The recovery seems to bear out the firm's less bullish approach to the stock market, in which it has invested in smaller companies and has maintained high cash holdings.
The value of P&D's UK equity investments has risen by 7 per cent compared with the stock market's 2 per cent increase since the beginning of April, putting it on course for its best quarterly performance in five years.
The news will come as a relief to P&D, which came out last of 68 competitors in a recent survey. It will also go some way to justifying the views of Tony Dye, P&D's chief investment officer, whose bearish attitude has been proved wrong by the market. While other fund managers have followed the herd into the FT-SE 100, Mr Dye has persevered with a preference for undervalued companies.
Since 1 April, companies outside the FT-SE 350 have risen by 6.7 per cent, while the FT-SE 100 has gained barely 1 per cent. P&D's large holdings of cash has also begun to be vindicated.
Manraj Ahluwalia, P&D's director of investment strategy, said that the success of the last seven weeks had made up for about a third of the group's under-performance in the last three years. "We think that the valuation of these small companies is compelling," he said. "Large companies continue to trade at a 55 per cent premium to small ones."

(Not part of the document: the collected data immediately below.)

(* Let $d\ge1$, $0<s_0<s_1$, $0<\alpha_0<\alpha_1$, $W=[s_0,s_1]\times[\alpha_0,\alpha_1]$, and $g\in L^2_0(\mathbb{T}^d;\mathbb{C})$ with Fourier coefficients $\hat g_k$. For $k\in\mathbb{Z}^d\setminus\{0\}$ let $E_k(s,\alpha)=\frac{\alpha}{\alpha+|k|^{2s}}$ and, for the partial derivatives of $\mathcal{S}(s,\alpha)=(E_k(s,\alpha)\hat g_k)_{k}$, let $\partial^i_\alpha\mathcal{S}(s,\alpha)=(\partial_\alpha^iE_k(s,\alpha)\hat g_k)_{k\neq0}$, $\partial_s^i\mathcal{S}(s,\alpha)=(\partial_s^iE_k(s,\alpha)\hat g_k)_{k\ne0}$, $\partial_{s,\alpha}\mathcal{S}(s,\alpha)=(\partial_s\partial_\alpha E_k(s,\alpha)\hat g_k)_{k\ne0}$. Then there are constants $M_{\alpha_1,i}>0$ ($i=1,2,3$) and $M_{\alpha_1}>0$ depending only on $\alpha_1$ (and $i$) such that for every $\varepsilon>0$, $i\in\{1,2,3\}$ and $(s,\alpha)\in W$: $$\|\partial^i_\alpha\mathcal{S}(s,\alpha)\|_{\ell^2}\le\sum_{k\ne0}\frac{i!}{|k|^{2si}}|\hat g_k|,\qquad \|\partial^i_s\mathcal{S}(s,\alpha)\|_{\ell^2}\le\sum_{k\ne0}\frac{M_{\alpha_1,i}}{\varepsilon^i|k|^{2s-i\varepsilon}}|\hat g_k|,$$ $$\|\partial_{s,\alpha}\mathcal{S}(s,\alpha)\|_{\ell^2}\le\sum_{k\ne0}\frac{M_{\alpha_1}}{\varepsilon|k|^{2s-\varepsilon}}|\hat g_k|.$$
   Context: $\mathbb{T}^d=\mathbb{R}^d/(2\pi\mathbb{Z})^d$; $L^2_0$ denotes zero-mean square-integrable functions; $\hat g_k=\int_{\mathbb{T}^d}g(x)e^{-ik\cdot x}dx$. *)

From HB Require Import structures.
From mathcomp Require Import all_boot all_order all_algebra.
From mathcomp Require Import all_classical all_reals all_analysis.
From mathcomp.real_closed Require Import complex.
Set Implicit Arguments. Unset Strict Implicit. Unset Printing Implicit Defensive.
Import Order.TTheory GRing.Theory Num.Theory.
Local Open Scope classical_set_scope.
Local Open Scope ring_scope.
Lemma has_modulus_shift w0 :
  (forall w, has_modulus w0 (f ^~ w)) -> forall w, has_modulus w0 (g ^~ w).
Proof.
move=> fw0 w x y; set c := Num.max x y + 1.
have [xm ym] : x <= Num.max x y /\ y <= Num.max x y by rewrite !le_max !lexx orbT.
rewrite (@g_shiftE x c) ?(@g_shiftE y c) ?/c; [|lra|lra].
by have := fw0 (tau c w) (x - c) (y - c); rewrite opprB addrA subrK.
Qed.

Hypothesis tau_meas : forall c, measurable_fun setT (tau c).
Hypothesis tau_pres : forall c A, measurable A -> P (tau c @^-1` A) = P A.
Hypothesis f_meas : forall z, measurable_fun setT (f z).
Hypothesis f_cont : forall w, continuous (f ^~ w).

Let left_le (q : R) := [set w | forall z, z <= -1 -> f z w <= q].

Let measurable_left_le q : measurable (left_le q).
Proof.
have -> : left_le q = [set w | forall z : R, f (-1 - `|z|) w <= q].
  apply/seteqP; split=> w /= fq z; first by apply: fq; have := normr_ge0 z; lra.
  move=> z1; have -> : z = -1 - `|-1 - z| by rewrite ger0_norm; lra.
  exact: fq.
apply: measurable_forall_le => // w z.
have cz : {for z, continuous (fun z : R => -1 - `|z|)}.
  by apply: cvgB; [exact: cvg_cst | exact: norm_continuous].
exact: (continuous_comp cz (@f_cont w _)).
Qed.

Let preimage_left_le q (n : nat) : tau n%:R @^-1` left_le q `<=` left_le q.
Proof.
move=> w /= fq z z1; have zn : z - n%:R <= -1 by have := ler0n R n; lra.
by rewrite -g_eq_f // (g_shiftE _ zn); apply: fq.
Qed.

Lemma ae_shift_le :
  {ae P, forall w (s : \bar R),
     (forall z, ((f z w)%:E <= s)%E) -> forall y, ((g y w)%:E <= s)%E}.
Proof.
have : {ae P, forall w (q : rat) (n : nat),
         left_le (ratr q) w -> left_le (ratr q) (tau n%:R w)}.
  apply: ae_forall_count => q; apply: ae_foralln => n.
  by apply: ae_mem_preimage => //; exact: tau_pres.
apply: filterS => w recur s fs y; apply: lee_rat_ub => q sq.
have fq : left_le (ratr q) w.
  by move=> z _; have := le_lt_trans (fs z) sq; rewrite lte_fin => /ltW.
set n := (Num.truncn (y + 1)).+1.
have yn : y - n%:R <= -1.
  by have := archimedean.Num.Theory.truncnS_gt (y + 1); rewrite -/n; lra.
by rewrite (g_shiftE _ yn); apply: (recur q n fq).
Qed.

End shift_invariance.

Section weak_field_localized.
Context d (Omega : measurableType d) (R : realType) (P : probability Omega R).
Variables (H HL HR : R -> R -> Omega -> R) (tau : R -> Omega -> Omega).
Variables (phi w0 : R -> R).
Hypothesis phi_mono : forall x y, x <= y -> phi y <= phi x.
Hypothesis phiL : forall x, x <= -1 -> phi x = 1.
Hypothesis phiR : forall x, 1 <= x -> phi x = 0.
Hypothesis H_mix : forall p y w, H p y w = phi y * HL p y w + (1 - phi y) * HR p y w.
Hypothesis HL_shift : forall p y z w, HL p (y + z) w = HL p y (tau z w).
Hypothesis HR_shift : forall p y z w, HR p (y + z) w = HR p y (tau z w).
Hypothesis H_min : forall p y w, H 0 y w <= H p y w.
Hypothesis w0_mod : modulus w0.
Hypothesis H_mod : forall w, has_modulus w0 (H 0 ^~ w).

Let effH w := effA (fun p y => H p y w).
Let effHL w := effA (fun p y => HL p y w).
Let effHR w := effA (fun p y => HR p y w).

Lemma phi_bounds y : 0 <= phi y <= 1.
Proof.
apply/andP; split.
  have [/phiR -> //|/ltW y1] := leP 1 y.
  by rewrite -(phiR (lexx 1)) phi_mono.
have [/phiL -> //|/ltW y1] := leP y (-1).
by rewrite -(phiL (lexx (-1))) phi_mono.
Qed.

Lemma HL_far p z w : z <= -1 -> HL p z w = H p z w.
Proof. by move=> z1; rewrite H_mix phiL // subrr mul0r addr0 mul1r. Qed.

Lemma HR_far p z w : 1 <= z -> HR p z w = H p z w.
Proof. by move=> z1; rewrite H_mix phiR // subr0 mul0r add0r mul1r. Qed.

P&D has also invested successfully in oil companies like Shell, Enterprise and Lasmo. Its decision to remain underweight in the pharmaceutical sector has paid off. Some of its long-term bets - Mirror Group and Allied Domecq - have also come good.
In the first quarter of 1999, P&D's Managed Exempt Fund increased by just 3.2 per cent compared with a median industry average of 5.5 per cent. P&D's performance was eclipsed by rivals Gartmore, which gained 6.6 per cent, Mercury Asset Management, up 5.3 per cent, and Schroders, up 4.9 per cent.